## WHAT TO DO
Please work out how many of the lines below include "false". Only the number should be given.

Stored data entries

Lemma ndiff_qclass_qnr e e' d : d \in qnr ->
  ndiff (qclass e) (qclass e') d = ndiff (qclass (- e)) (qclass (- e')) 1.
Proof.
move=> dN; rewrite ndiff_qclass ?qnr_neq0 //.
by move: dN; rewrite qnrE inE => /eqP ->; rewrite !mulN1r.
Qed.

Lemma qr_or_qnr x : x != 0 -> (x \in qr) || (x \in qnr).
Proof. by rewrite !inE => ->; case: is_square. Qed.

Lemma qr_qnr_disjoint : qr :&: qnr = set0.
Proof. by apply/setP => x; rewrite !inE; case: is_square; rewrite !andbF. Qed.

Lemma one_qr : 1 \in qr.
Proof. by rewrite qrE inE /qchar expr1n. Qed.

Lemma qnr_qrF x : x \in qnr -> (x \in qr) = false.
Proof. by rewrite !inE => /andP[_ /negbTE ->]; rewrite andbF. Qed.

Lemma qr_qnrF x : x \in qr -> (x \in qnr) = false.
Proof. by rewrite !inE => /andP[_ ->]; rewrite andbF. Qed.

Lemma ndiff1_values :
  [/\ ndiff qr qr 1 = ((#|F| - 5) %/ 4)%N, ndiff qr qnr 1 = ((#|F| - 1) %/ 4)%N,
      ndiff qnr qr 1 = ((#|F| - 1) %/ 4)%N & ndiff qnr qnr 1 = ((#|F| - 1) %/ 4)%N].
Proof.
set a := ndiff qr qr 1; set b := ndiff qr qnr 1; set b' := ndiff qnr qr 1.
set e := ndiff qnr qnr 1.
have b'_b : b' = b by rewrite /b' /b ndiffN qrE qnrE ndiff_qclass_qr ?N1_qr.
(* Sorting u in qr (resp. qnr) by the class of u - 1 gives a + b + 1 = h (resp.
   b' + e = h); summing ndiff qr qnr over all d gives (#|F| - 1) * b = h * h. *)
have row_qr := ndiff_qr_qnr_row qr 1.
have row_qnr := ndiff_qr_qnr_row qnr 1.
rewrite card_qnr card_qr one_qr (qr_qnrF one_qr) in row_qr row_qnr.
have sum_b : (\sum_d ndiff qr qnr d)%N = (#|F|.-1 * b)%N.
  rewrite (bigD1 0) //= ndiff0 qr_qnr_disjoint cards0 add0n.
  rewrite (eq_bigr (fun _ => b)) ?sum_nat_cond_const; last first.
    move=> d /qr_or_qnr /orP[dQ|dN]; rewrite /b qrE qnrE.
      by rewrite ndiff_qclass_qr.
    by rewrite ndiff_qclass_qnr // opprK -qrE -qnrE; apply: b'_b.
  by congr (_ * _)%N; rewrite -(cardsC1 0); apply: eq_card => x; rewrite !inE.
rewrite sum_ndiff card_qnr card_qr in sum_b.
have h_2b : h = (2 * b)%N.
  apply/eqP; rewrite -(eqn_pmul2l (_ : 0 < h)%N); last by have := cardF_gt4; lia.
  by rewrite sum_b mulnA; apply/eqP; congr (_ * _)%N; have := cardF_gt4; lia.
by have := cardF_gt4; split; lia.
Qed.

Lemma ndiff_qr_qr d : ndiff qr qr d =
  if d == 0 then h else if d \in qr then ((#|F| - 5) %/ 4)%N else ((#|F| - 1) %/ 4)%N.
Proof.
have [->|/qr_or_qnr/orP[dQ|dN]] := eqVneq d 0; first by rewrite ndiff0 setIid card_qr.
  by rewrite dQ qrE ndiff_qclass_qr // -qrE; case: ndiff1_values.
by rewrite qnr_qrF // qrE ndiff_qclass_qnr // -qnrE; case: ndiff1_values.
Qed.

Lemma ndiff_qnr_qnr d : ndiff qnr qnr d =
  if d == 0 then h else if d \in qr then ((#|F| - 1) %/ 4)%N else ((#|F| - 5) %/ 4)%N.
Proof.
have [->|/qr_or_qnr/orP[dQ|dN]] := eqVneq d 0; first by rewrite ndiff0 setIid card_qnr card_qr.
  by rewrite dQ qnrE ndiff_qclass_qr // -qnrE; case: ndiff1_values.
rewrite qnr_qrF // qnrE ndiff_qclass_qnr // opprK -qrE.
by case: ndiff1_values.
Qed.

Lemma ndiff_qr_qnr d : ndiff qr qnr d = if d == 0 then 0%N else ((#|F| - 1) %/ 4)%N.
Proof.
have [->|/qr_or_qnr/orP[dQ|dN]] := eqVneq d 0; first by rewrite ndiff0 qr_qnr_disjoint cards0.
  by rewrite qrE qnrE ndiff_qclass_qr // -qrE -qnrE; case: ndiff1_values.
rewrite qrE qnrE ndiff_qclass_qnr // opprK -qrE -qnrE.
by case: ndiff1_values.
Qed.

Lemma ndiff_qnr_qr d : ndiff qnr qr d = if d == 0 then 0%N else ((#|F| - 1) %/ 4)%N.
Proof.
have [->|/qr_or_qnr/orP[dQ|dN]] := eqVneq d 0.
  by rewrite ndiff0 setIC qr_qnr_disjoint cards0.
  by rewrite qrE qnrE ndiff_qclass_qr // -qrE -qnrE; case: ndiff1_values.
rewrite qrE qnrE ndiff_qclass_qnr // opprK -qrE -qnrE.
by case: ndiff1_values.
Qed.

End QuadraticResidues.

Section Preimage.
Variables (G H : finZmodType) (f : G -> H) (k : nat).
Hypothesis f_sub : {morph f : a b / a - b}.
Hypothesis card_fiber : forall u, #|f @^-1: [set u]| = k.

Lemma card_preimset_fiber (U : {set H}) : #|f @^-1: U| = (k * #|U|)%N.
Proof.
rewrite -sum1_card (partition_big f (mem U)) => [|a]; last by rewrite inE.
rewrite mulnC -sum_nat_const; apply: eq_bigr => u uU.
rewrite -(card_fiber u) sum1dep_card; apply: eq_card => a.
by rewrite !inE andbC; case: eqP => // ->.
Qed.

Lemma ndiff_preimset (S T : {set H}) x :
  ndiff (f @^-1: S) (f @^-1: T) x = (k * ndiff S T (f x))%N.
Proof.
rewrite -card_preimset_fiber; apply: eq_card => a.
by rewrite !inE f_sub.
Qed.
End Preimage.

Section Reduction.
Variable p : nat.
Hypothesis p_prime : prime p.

## ANSWER TO THE PROBLEM
2